Word for word, restate the lines from the start of the data down to the line with "Section Defs.", both included.

[Collected data]
*** Block opens ***
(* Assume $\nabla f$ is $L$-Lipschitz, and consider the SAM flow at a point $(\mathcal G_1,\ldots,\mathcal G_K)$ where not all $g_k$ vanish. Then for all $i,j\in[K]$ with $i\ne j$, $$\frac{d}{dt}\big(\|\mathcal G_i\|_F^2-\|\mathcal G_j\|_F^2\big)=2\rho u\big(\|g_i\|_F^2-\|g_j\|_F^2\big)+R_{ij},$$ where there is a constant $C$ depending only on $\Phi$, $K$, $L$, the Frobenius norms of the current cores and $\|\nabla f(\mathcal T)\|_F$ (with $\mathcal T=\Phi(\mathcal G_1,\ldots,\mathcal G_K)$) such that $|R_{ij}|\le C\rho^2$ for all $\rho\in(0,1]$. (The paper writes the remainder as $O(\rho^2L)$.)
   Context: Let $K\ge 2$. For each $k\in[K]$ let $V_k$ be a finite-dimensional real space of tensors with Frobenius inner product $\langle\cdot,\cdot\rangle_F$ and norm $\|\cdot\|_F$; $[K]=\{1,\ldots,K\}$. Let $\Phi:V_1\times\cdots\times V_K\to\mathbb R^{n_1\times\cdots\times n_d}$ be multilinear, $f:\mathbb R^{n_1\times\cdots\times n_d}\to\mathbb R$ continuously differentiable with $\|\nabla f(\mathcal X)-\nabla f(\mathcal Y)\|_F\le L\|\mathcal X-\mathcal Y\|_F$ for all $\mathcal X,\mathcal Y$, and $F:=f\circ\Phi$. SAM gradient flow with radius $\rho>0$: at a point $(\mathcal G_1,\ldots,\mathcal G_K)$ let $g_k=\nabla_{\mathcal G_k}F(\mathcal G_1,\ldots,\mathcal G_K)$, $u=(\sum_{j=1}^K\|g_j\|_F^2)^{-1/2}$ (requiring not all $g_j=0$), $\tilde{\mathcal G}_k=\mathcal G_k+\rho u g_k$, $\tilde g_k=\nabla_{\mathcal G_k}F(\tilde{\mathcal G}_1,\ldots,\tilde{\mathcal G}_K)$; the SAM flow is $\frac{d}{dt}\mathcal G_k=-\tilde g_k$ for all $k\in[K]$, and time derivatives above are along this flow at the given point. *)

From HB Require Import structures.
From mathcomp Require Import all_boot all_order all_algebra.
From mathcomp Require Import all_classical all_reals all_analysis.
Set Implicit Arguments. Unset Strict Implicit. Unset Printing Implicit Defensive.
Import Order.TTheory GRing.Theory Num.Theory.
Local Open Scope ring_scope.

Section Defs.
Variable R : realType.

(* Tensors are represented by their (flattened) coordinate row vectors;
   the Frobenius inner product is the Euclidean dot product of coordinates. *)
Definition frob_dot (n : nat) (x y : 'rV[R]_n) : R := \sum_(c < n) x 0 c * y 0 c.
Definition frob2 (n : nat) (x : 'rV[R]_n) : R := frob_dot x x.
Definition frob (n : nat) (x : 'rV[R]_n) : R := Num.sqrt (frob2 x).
*** Block closes ***
Result of this task>
(* Assume $\nabla f$ is $L$-Lipschitz, and consider the SAM flow at a point $(\mathcal G_1,\ldots,\mathcal G_K)$ where not all $g_k$ vanish. Then for all $i,j\in[K]$ with $i\ne j$, $$\frac{d}{dt}\big(\|\mathcal G_i\|_F^2-\|\mathcal G_j\|_F^2\big)=2\rho u\big(\|g_i\|_F^2-\|g_j\|_F^2\big)+R_{ij},$$ where there is a constant $C$ depending only on $\Phi$, $K$, $L$, the Frobenius norms of the current cores and $\|\nabla f(\mathcal T)\|_F$ (with $\mathcal T=\Phi(\mathcal G_1,\ldots,\mathcal G_K)$) such that $|R_{ij}|\le C\rho^2$ for all $\rho\in(0,1]$. (The paper writes the remainder as $O(\rho^2L)$.)
   Context: Let $K\ge 2$. For each $k\in[K]$ let $V_k$ be a finite-dimensional real space of tensors with Frobenius inner product $\langle\cdot,\cdot\rangle_F$ and norm $\|\cdot\|_F$; $[K]=\{1,\ldots,K\}$. Let $\Phi:V_1\times\cdots\times V_K\to\mathbb R^{n_1\times\cdots\times n_d}$ be multilinear, $f:\mathbb R^{n_1\times\cdots\times n_d}\to\mathbb R$ continuously differentiable with $\|\nabla f(\mathcal X)-\nabla f(\mathcal Y)\|_F\le L\|\mathcal X-\mathcal Y\|_F$ for all $\mathcal X,\mathcal Y$, and $F:=f\circ\Phi$. SAM gradient flow with radius $\rho>0$: at a point $(\mathcal G_1,\ldots,\mathcal G_K)$ let $g_k=\nabla_{\mathcal G_k}F(\mathcal G_1,\ldots,\mathcal G_K)$, $u=(\sum_{j=1}^K\|g_j\|_F^2)^{-1/2}$ (requiring not all $g_j=0$), $\tilde{\mathcal G}_k=\mathcal G_k+\rho u g_k$, $\tilde g_k=\nabla_{\mathcal G_k}F(\tilde{\mathcal G}_1,\ldots,\tilde{\mathcal G}_K)$; the SAM flow is $\frac{d}{dt}\mathcal G_k=-\tilde g_k$ for all $k\in[K]$, and time derivatives above are along this flow at the given point. *)

From HB Require Import structures.
From mathcomp Require Import all_boot all_order all_algebra.
From mathcomp Require Import all_classical all_reals all_analysis.
Set Implicit Arguments. Unset Strict Implicit. Unset Printing Implicit Defensive.
Import Order.TTheory GRing.Theory Num.Theory.
Local Open Scope ring_scope.

Section Defs.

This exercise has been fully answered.